- _Data for this exercise_
(* m x n net: F i j, 0 <= i <= m, 0 <= j <= n (values outside are irrelevant). *)
Definition is_net (m n : nat) (F : nat -> nat -> pt) : Prop :=
  forall i j, (i < m)%N -> (j < n)%N ->
    convex_quad (F i j) (F i.+1 j) (F i.+1 j.+1) (F i j.+1).

Definition in_face (G : nat -> nat -> pt) (k l : nat) (X : pt) : Prop :=
  det3 (psub (G k.+1 l) (G k l)) (psub (G k l.+1) (G k l)) (psub X (G k l)) = 0.

Definition in_plane3 (O A B X : pt) : Prop :=
  det3 (psub A O) (psub B O) (psub X O) = 0.

(* Convex 4-hedral angle with vertex O: rays from O through the convex
   quadrilateral Q1Q2Q3Q4 lying in a plane not through O. *)
Definition hedral4 (O Q1 Q2 Q3 Q4 : pt) : Prop :=
  convex_quad Q1 Q2 Q3 Q4 /\ det3 (psub Q2 Q1) (psub Q4 Q1) (psub O Q1) <> 0.

(* Admissible: the isotropic line through O meets the interior of the angle,
   i.e. contains a point O + lam (q - O) with lam > 0 and q in the relative
   interior of the quadrilateral (strictly positive convex combination). *)
Definition admissible (O Q1 Q2 Q3 Q4 : pt) : Prop :=
  exists (t lam w1 w2 w3 w4 : R),
    0 < lam /\ 0 < w1 /\ 0 < w2 /\ 0 < w3 /\ 0 < w4 /\ w1 + w2 + w3 + w4 = 1 /\
    padd O (pscale t ez) =
    padd O (pscale lam (psub (padd (padd (pscale w1 Q1) (pscale w2 Q2))
                                   (padd (pscale w3 Q3) (pscale w4 Q4))) O)).

Definition face_is_flat (G : nat -> nat -> pt) (k l : nat) (O A B : pt) : Prop :=
  forall X, in_face G k l X <-> in_plane3 O A B X.

Definition dual_convex (m n : nat) (F : nat -> nat -> pt) : Prop :=
  (2 <= m)%N /\ (2 <= n)%N /\
  forall i j, (0 < i < m)%N -> (0 < j < n)%N ->
    exists Q1 Q2 Q3 Q4 : pt,
      hedral4 (F i j) Q1 Q2 Q3 Q4 /\ admissible (F i j) Q1 Q2 Q3 Q4 /\
      face_is_flat F i.-1 j.-1 (F i j) Q1 Q2 /\
      face_is_flat F i j.-1 (F i j) Q2 Q3 /\
      face_is_flat F i j (F i j) Q3 Q4 /\
      face_is_flat F i.-1 j (F i j) Q4 Q1.

(* Top view of the dual point p^* of the plane p of face p_kl:
   the plane is z = P1 x + P2 y - P3, with normal N = (P1, P2, -1) ~ n,
   so (P1, P2) = (-n_x/n_z, -n_y/n_z). *)
Definition dual_top (G : nat -> nat -> pt) (k l : nat) : R * R :=
  let N := cross (psub (G k.+1 l) (G k l)) (psub (G k l.+1) (G k l)) in
  (- px N / pz N, - py N / pz N).

Definition det2 (a b : R * R) : R := a.1 * b.2 - a.2 * b.1.

Definition Omega (G : nat -> nat -> pt) (i j : nat) : R :=
  let d1 := dual_top G i.-1 j.-1 in
  let d2 := dual_top G i j.-1 in
  let d3 := dual_top G i j in
  let d4 := dual_top G i.-1 j in
  (det2 d1 d2 + det2 d2 d3 + det2 d3 d4 + det2 d4 d1) / 2.

Definition iso_cong (phi c1 c2 : R) (b : pt) (x : pt) : pt :=
  (- phi * py x + px b, phi * px x + py b, c1 * px x + c2 * py x + pz b).

Definition is_inf_iso_def (m n : nat) (F V : nat -> nat -> pt) : Prop :=
  (forall k l, (k < m)%N -> (l < n)%N ->
     exists (phi c1 c2 : R) (b : pt), forall i j,
       (i = k \/ i = k.+1) -> (j = l \/ j = l.+1) ->
       V i j = iso_cong phi c1 c2 b (F i j)) /\
  (forall i j, (0 < i < m)%N -> (0 < j < n)%N ->
     is_derive (0 : R) (1 : R)
       (fun t : R => Omega (fun a c => padd (F a c) (pscale t (V a c))) i j) 0).

Definition trivial_def (m n : nat) (F V : nat -> nat -> pt) : Prop :=
  exists (phi c1 c2 : R) (b : pt), forall i j, (i <= m)%N -> (j <= n)%N ->
    V i j = iso_cong phi c1 c2 b (F i j).

Definition inf_flexible (m n : nat) (F : nat -> nat -> pt) : Prop :=
  exists V, is_inf_iso_def m n F V /\ ~ trivial_def m n F V.

Definition isotropic (v : pt) : Prop := px v = 0 /\ py v = 0.

End IsotropicNets.

From HB Require Import structures.
From mathcomp Require Import all_boot all_order all_algebra.
From mathcomp Require Import all_classical all_reals all_analysis.
From mathcomp Require Import ring lra zify.
Import Order.TTheory GRing.Theory Num.Theory.

Local Open Scope ring_scope.

(* Dual-convexity makes every face plane non-vertical: at an interior vertex the
   isotropic line meets the interior of the admissible 4-hedral angle, so it lies
   in none of the planes of its flat angles.  Hence every edge has a
   non-degenerate top view, and since adjacent faces share an edge, the top views
   of all face congruences of a deformation V are one planar infinitesimal motion
   (rotation speed phi about the z-axis plus a translation).  Keeping only the
   isotropic components V' of V preserves the face condition, and the top views
   of the dual points of the faces at a vertex along F + tV are the images of
   those along F + tV' under one linear map of determinant 1 / (1 + t^2 phi^2).  So
   Omega(F + tV') = (1 + t^2 phi^2) Omega(F + tV) has zero derivative at 0, and V'
   is nontrivial because V - V' is the restriction of a single congruence. *)

Section IsotropicFlexibility.
Context {R : realType}.
Implicit Types (A B C D O Y a b : pt R) (G : nat -> nat -> pt R).

Definition vol O A B C : R := det3 (psub A O) (psub B O) (psub C O).

Definition comb4 (w1 w2 w3 w4 : R) A B C D : pt R :=
  padd (padd (pscale w1 A) (pscale w2 B)) (padd (pscale w3 C) (pscale w4 D)).

Ltac unfold_pt :=
  rewrite /vol /comb4 /in_plane3 /det3 /turn /cross /dot /psub /padd /pscale /iso_cong
          /ez /pzero /px /py /pz /=.
Ltac pt_ring :=
  repeat match goal with p : pt _ |- _ => destruct p as [[? ?] ?] end;
  unfold_pt; first [ring | congr (_, _, _); ring].

Lemma dot_scalel (l : R) a b : dot (pscale l a) b = l * dot a b.
Proof. pt_ring. Qed.

Lemma lagrange_identity a b :
  dot (cross a b) (cross a b) = dot a a * dot b b - dot a b ^+ 2.
Proof. pt_ring. Qed.

Lemma cross_cross a b :
  cross a (cross a b) = psub (pscale (dot a b) a) (pscale (dot a a) b).
Proof. pt_ring. Qed.

Lemma dot_self_ge0 a : 0 <= dot a a.
Proof. case: a => [[a1 a2] a3]; unfold_pt; nra. Qed.

Lemma cross0r a : cross a (pzero R) = pzero R.
Proof. pt_ring. Qed.

Lemma pscale0 a : pscale 0 a = pzero R.
Proof. pt_ring. Qed.

Lemma pscale1 a : pscale 1 a = a.
Proof. pt_ring. Qed.

Lemma pscaleA (l l' : R) a : pscale l (pscale l' a) = pscale (l * l') a.
Proof. pt_ring. Qed.

Lemma psub_eq0 a b : psub a b = pzero R -> a = b.
Proof.
case: a b => [[a1 a2] a3] [[b1 b2] b3]; unfold_pt.
by case=> /subr0_eq -> /subr0_eq -> /subr0_eq ->.
Qed.

Lemma cross_eq0_scale a b : cross a b = pzero R -> 0 < dot a b ->
  exists2 l, 0 < l & b = pscale l a.
Proof.
move=> hab hpos.
have hsq : dot a b ^+ 2 = dot a a * dot b b.
  apply/eqP; rewrite eq_sym -subr_eq0 -lagrange_identity hab.
  by unfold_pt; rewrite !mul0r !addr0.
have haa : 0 < dot a a.
  rewrite lt_def dot_self_ge0 andbT; apply/eqP => h0.
  by move: hsq; rewrite h0 mul0r => /eqP; rewrite sqrf_eq0 gt_eqF.
have hscale : pscale (dot a b) a = pscale (dot a a) b.
  by apply: psub_eq0; rewrite -cross_cross hab cross0r.
exists (dot a b / dot a a); first exact: divr_gt0.
rewrite -{1}[b]pscale1 -(mulVf (lt0r_neq0 haa)) -(pscaleA (dot a a)^-1).
by rewrite -hscale pscaleA mulrC.
Qed.

Lemma coplanar_turns_parallel A B C D :
  det3 (psub B A) (psub C A) (psub D A) = 0 ->
  [/\ cross (turn A B C) (turn B C D) = pzero R,
      cross (turn A B C) (turn C D A) = pzero R &
      cross (turn A B C) (turn D A B) = pzero R].
Proof.
move=> hd.
have e2 : cross (turn A B C) (turn B C D) =
  pscale (det3 (psub B A) (psub C A) (psub D A)) (psub C B) by pt_ring.
have e3 : cross (turn A B C) (turn C D A) =
  pscale (det3 (psub B A) (psub C A) (psub D A)) (psub C A) by pt_ring.
have e4 : cross (turn A B C) (turn D A B) =
  pscale (det3 (psub B A) (psub C A) (psub D A)) (psub B A) by pt_ring.
by rewrite e2 e3 e4 hd !pscale0.
Qed.

Lemma convex_quad_turns {A B C D} : convex_quad A B C D ->
  [/\ exists2 l, 0 < l & turn B C D = pscale l (turn A B C),
      exists2 l, 0 < l & turn C D A = pscale l (turn A B C) &
      exists2 l, 0 < l & turn D A B = pscale l (turn A B C)].
Proof.
case=> /coplanar_turns_parallel [p2 p3 p4] [_ [d2 [d3 d4]]].
by split; apply: cross_eq0_scale.
Qed.

Lemma vol_turn O A B C :
  [/\ vol O A B C = dot (turn A B C) (psub A O),
      vol O A B C = dot (turn A B C) (psub B O) &
      vol O A B C = dot (turn A B C) (psub C O)].
Proof. by split; pt_ring. Qed.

- _Problem to work on_
Lines holding "with" in the material above are to be reported.

- _Solution to the problem_
(* Convex 4-hedral angle with vertex O: rays from O through the convex
   i.e. contains a point O + lam (q - O) with lam > 0 and q in the relative
   the plane is z = P1 x + P2 y - P3, with normal N = (P1, P2, -1) ~ n,
  repeat match goal with p : pt _ |- _ => destruct p as [[? ?] ?] end;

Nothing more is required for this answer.